DATA FOR THE TASK:
☆ ☆ ☆ ☆ ☆ ☆ ☆

Definition hasse_connected : Prop := forall x y : T, connect hasse x y.

(* no simple cycle (of length >= 3) in the Hasse diagram *)
Definition hasse_acyclic : Prop :=
  forall (x : T) (p : seq T), uniq (x :: p) -> 2 <= size p ->
    path hasse x p -> ~~ hasse (last x p) x.

Definition hasse_tree : Prop := hasse_connected /\ hasse_acyclic.

Definition leaf (r x : T) : bool :=
  (#|T| == 1)%N || ((x != r) && (#|[set y | hasse x y]| == 1)%N).

Definition minimal (x : T) : Prop := forall y : T, ~ (y < x).

Definition basic (x : T) : Prop :=
  (~ exists u v : T, (u >< v) /\ u < x /\ v < x) /\
  (~ exists u v : T, (u >< v) /\ x < u /\ x < v) /\
  (~ exists u : T, u < x /\
       forall w : T, w != u -> w != x ->
         ((w <= u) <-> (w <= x)) /\ ((u <= w) <-> (x <= w))).

Definition in_P1 (r x : T) : bool :=
  #|[set l | leaf r l && (x <= l)]| == 1%N.

End HasseTree.

(* In a Hasse tree, two upper covers of x with a common upper bound coincide:
   otherwise covering chains from them to a minimal common upper bound close a
   cycle through x.  So when the root r is the top, every up-set of x is a chain,
   and dually, when r is the bottom, every down-set is a chain.
   A lower cover c of x is a twin of x (violating B.3) as soon as everything
   below x is comparable with c and the up-set of c is a chain.  With r on top,
   (B.1) and the chain property thus leave only the minimal elements, which are
   the leaves.  With r at the bottom, the leaves are the maximal elements, so P1
   is the set of x whose up-set is a chain; since a twin below an element of P1
   is again in P1, the same argument gives the minimal elements of P1. *)

From mathcomp Require Import all_boot all_order.
Set Implicit Arguments. Unset Strict Implicit. Unset Printing Implicit Defensive.
Import Order.Theory.
Local Open Scope order_scope.

Section Covers.
Context {d : Order.disp_t} {T : finPOrderType d}.
Implicit Types x y z u v w a b c : T.

Lemma covers_lt x y : covers x y -> x < y.
Proof. by case/andP. Qed.

Lemma covers_between x y z : covers x y -> x < z -> z < y -> False.
Proof. by case/andP=> _ /forallP/(_ z) /negP nxzy xz zy; apply: nxzy; rewrite xz zy. Qed.

Lemma coversI x y : x < y -> (forall z, x < z -> z < y -> False) -> covers x y.
Proof.
move=> xy between; rewrite /covers xy; apply/forallP => z.
by apply/negP => /andP[]; exact: between.
Qed.

Lemma card_lt_down c a : c < a -> (#|[set z | (z < c)%O]| < #|[set z | (z < a)%O]|)%N.
Proof.
move=> ca; apply: proper_card; rewrite properE; apply/andP; split.
  by apply/subsetP => z; rewrite !inE => zc; exact: lt_trans zc ca.
by apply/subsetPn; exists c; rewrite !inE ?ltxx.
Qed.
(* Case 3: infinitely many resets is impossible: delta -> 0, the iterates
   and subgradients stay bounded, so by the previous lemma a group started
   late has path length O(delta) < R, and Step 4 can no longer fire. *)
Lemma many_resets_impossible :
  (forall K, exists k, (K <= k)%N /\ reset_test k) -> False.
Proof.
move=> resets; set G := m - f y; have G0 : 0 < G by rewrite subr_gt0.
have [K0 small] := delta_vanishes resets (divr_gt0 G0 (ltr0Sn _ 1)).
have [M [M0 bnd]] : exists M, 0 <= M /\ forall k, sqn (xh k - y) <= M.
  by apply: (@iterates_bounded K0) => k /small; have := G0; rewrite /G; lra.
have [S [S0 sb]] := run_subgrad_bounded y (ltr_pwDr ltr01 M0).
have sS k : enorm (s k) <= S.
  by apply: sb => i; have := coord_le_sqn_add1 i (bnd k); rewrite !mxE.
set dd := Rb * G ^+ 2 / (2 * S * M + 1).
have SM : 0 <= 2 * S * M by rewrite !mulr_ge0 // ltW.
have dd0 : 0 < dd.
  have RG : 0 < Rb * G ^+ 2 by rewrite mulr_gt0 // exprn_gt0.
  by rewrite /dd; apply: divr_gt0 => //; lra.
have [K1 tiny] := delta_vanishes resets dd0.
have [k2 [k2K r2]] := resets (maxn K0 K1).
have [[|k3] [k23 r3]] := resets k2.+1; first by [].
set k0 := kstart k3.
have k2k0 : (k2 <= k0)%N by rewrite -(new_group_start (or_intror r2)).1 kstart_mono.
have K0k0 : (K0 <= k0)%N by apply: leq_trans k2k0; apply: leq_trans k2K; apply: leq_maxl.
have K1k3 : (K1 <= k3)%N.
  apply: leq_trans (kstart_le k3); apply: leq_trans k2k0.
  by apply: leq_trans k2K; apply: leq_maxr.
have steps := group_steps_bound small bnd K0k0.
have path : Rb < S * \sum_(k0 <= i < k3.+1) tstep i.
  case: r3 => _; rewrite sig_sum kstart_in_succ => r3.
  apply: lt_le_trans r3 _; rewrite mulr_sumr; apply: ler_sum => i _.
  by rewrite ttil_tstep mulrC ler_pM2r ?tstep_gt0.
have d3 := delta_at_gt0 k3.
have : delta_at k3 * (2 * S * M + 1) <= Rb * G ^+ 2.
  by rewrite -ler_pdivlMr ?tiny //; lra.
have : G ^+ 2 * (S * \sum_(k0 <= i < k3.+1) tstep i) <= S * (2 * delta_at k3 * M).
  by rewrite mulrCA ler_pM2l.
have : G ^+ 2 * Rb < G ^+ 2 * (S * \sum_(k0 <= i < k3.+1) tstep i).
  by rewrite ltr_pM2l ?exprn_gt0.
nra.
Qed.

☆ ☆ ☆ ☆ ☆ ☆ ☆

WORK TASK:
Show each line of the material where the word "move" occurs.

TASK SOLUTION:
move=> xy between; rewrite /covers xy; apply/forallP => z.
move=> ca; apply: proper_card; rewrite properE; apply/andP; split.
move=> resets; set G := m - f y; have G0 : 0 < G by rewrite subr_gt0.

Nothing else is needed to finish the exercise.